En médecine somatique, les symptômes constituent un ensemble de signes permettant de déduire l'existence d'une modification physique du corps. Les uns sont produits par des modifications fonctionnelles déterminées par l'atteinte corporelle (signes « fonctionnels », signes « généraux ») ; les autres sont directement émis par la lésion (la plupart des signes « physiques » tels que, en pneumologie ou en cardiologie, les signes relevés à l'auscultation).
En psychiatrie, il existe certains signes qui démontrent l'existence d'une lésion (paralysie générale, tumeurs cérébrales, etc.) ou d'un dysfonctionnement métabolique (telle la dépression des syndromes parkinsoniens séniles), mais la plupart des symptômes ne conduisent à aucun objet de connaissance dont ils seraient les témoins.
Jusqu'au développement de la théorie psychanalytique, les symptômes psychiatriques pouvaient servir d'indices pour les classifications n'entraînant qu'une compréhension limitée, ou pour des pronostics souvent discutables.
C'est la théorie de Freud qui leur a donné un statut particulier en montrant qu'ils avaient un sens dans l'organisation du psychisme et qu'ils jouaient un rôle dans l'économie générale de l'activité mentale. Le symptôme névrotique constitue un compromis entre deux mouvements contradictoires. Le premier est un désir inconscient, le second s'oppose à la réalisation de ce désir, ce qui revient à dire que le symptôme névrotique est la résultante consciente d'un conflit intrapsychique inconscient.

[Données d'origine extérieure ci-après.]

(* Let $G=(V,E)$ be a finite connected graph satisfying CD$(F;0)$ for some CD-function $F$, with relaxation function $\varphi$. Let $u:[0,\infty)\times V\to(0,\infty)$ solve the heat equation on $G$. Then for all $0<t_1<t_2$ and $x_1,x_2\in V$, $$u(t_1,x_1)\le u(t_2,x_2)\exp\Big(\int_{t_1}^{t_2}\varphi(t)\,dt\Big)\exp\Big(\frac{2\mu_{max}\,d(x_1,x_2)^2}{w_{min}(t_2-t_1)}\Big),$$ where $\mu_{max}=\max_V\mu$, $w_{min}=\min_{xy\in E}w_{xy}$ and $d$ is the combinatorial graph distance.
   Context: Graphs are undirected and locally finite; $x\sim y$ means $xy\in E$; each edge has a weight $w_{xy}=w_{yx}>0$; $\mu:V\to(0,\infty)$. The Laplacian is $\Delta u(x)=\frac1{\mu(x)}\sum_{y\sim x}w_{xy}(u(y)-u(x))$ and $L:=-\Delta$. For $H:\mathbb R\to\mathbb R$, $\Psi_H(v)(x)=\frac1{\mu(x)}\sum_{y\sim x}w_{xy}H(v(y)-v(x))$; $\Upsilon(z)=e^z-1-z$. A CD-function is a continuous $F:[0,\infty)\to[0,\infty)$ with $F(0)=0$, $F(x)/x$ strictly increasing on $(0,\infty)$, $\int_1^\infty dr/F(r)<\infty$. Its relaxation function is the unique positive solution $\varphi$ on $(0,\infty)$ of $\dot\varphi+F(\varphi)=0$ with $\varphi(0+)=\infty$. $G$ satisfies CD$(F;0)$ if for every $x\in V$ and every $v:V\to\mathbb R$ with $Lv(x)>0$ and $Lv(x)\ge Lv(y)$ for all $y\sim x$, one has $\Delta\Psi_{\Upsilon'}(v)(x)\ge F(Lv(x))$. A solution of the heat equation is $u(t,x)$, $C^1$ in $t$, with $\partial_tu=\Delta u$ on $[0,\infty)\times V$. *)

From Stdlib Require Import Reals Lra List.
Import ListNotations.
Open Scope R_scope.

(* A finite weighted graph on a type V: [enum] lists every vertex exactly once,
   [w x y] is the edge weight, with x ~ y  iff  w x y > 0 (w = 0 off edges),
   [mu] the positive vertex measure. *)
Definition weighted_graph {V : Type} (enum : list V) (w : V -> V -> R) (mu : V -> R) : Prop :=
  NoDup enum /\ (forall x, In x enum) /\
  (forall x y, w x y = w y x) /\ (forall x y, 0 <= w x y) /\
  (forall x, w x x = 0) /\ (forall x, 0 < mu x).

Definition adj {V : Type} (w : V -> V -> R) (x y : V) : Prop := 0 < w x y.

Definition sumV {V : Type} (enum : list V) (f : V -> R) : R :=
  fold_right (fun y acc => f y + acc) 0 enum.

Definition Lap {V : Type} (enum : list V) (w : V -> V -> R) (mu : V -> R)
  (u : V -> R) (x : V) : R :=
  / mu x * sumV enum (fun y => w x y * (u y - u x)).

Definition PsiH {V : Type} (enum : list V) (w : V -> V -> R) (mu : V -> R)
  (H : R -> R) (v : V -> R) (x : V) : R :=
  / mu x * sumV enum (fun y => w x y * H (v y - v x)).

Definition Upsilon (z : R) : R := exp z - 1 - z.
Definition Upsilon' (z : R) : R := exp z - 1.

Definition CD0 {V : Type} (enum : list V) (w : V -> V -> R) (mu : V -> R)
  (F : R -> R) : Prop :=
  forall (x : V) (v : V -> R),
    0 < - Lap enum w mu v x ->
    (forall y, adj w x y -> - Lap enum w mu v y <= - Lap enum w mu v x) ->
    F (- Lap enum w mu v x) <= Lap enum w mu (PsiH enum w mu Upsilon' v) x.

Definition improper_integrable (f : R -> R) (a : R) : Prop :=
  (forall b, a <= b -> inhabited (Riemann_integrable f a b)) /\
  exists l : R, forall eps, 0 < eps -> exists M, forall b (pr : Riemann_integrable f a b),
      M <= b -> a <= b -> Rabs (RiemannInt pr - l) < eps.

Dans les premières années, les recherches psychanalytiques concernant la signification sexuelle des crises hystériques avaient conduit Breuer et Freud à élaborer l'hypothèse de l'origine traumatique de ce conflit intrapsychique (cf. Études sur l'hystérie). Le schéma en était le suivant : le sujet, généralement du sexe féminin, a été victime d'une agression sexuelle, d'une tentative de séduction qui a été repoussée. Cette agression a fait naître un désir insupportable pour le sujet. Cette contradiction a entraîné un oubli massif de l'incident et le refoulement du désir ainsi malencontreusement stimulé. La première théorie de l'inconscient reposait sur la constatation du fait que, malgré l'oubli, ce désir restait efficient hors de la conscience du sujet et déterminait la répétition des crises. La remémoration entraînait la liquidation de ce conflit (entre le désir et le processus conduisant à l'oubli) et la disparition des crises.
Les développements de la psychanalyse montrèrent rapidement les insuffisances de ces premières hypothèses et, tout en permettant la généralisation d'une théorie du symptôme névrotique, conduisirent à l'abandon de la théorie du traumatisme initial. Les termes du conflit intrapsychique apparurent alors dans leur complexité.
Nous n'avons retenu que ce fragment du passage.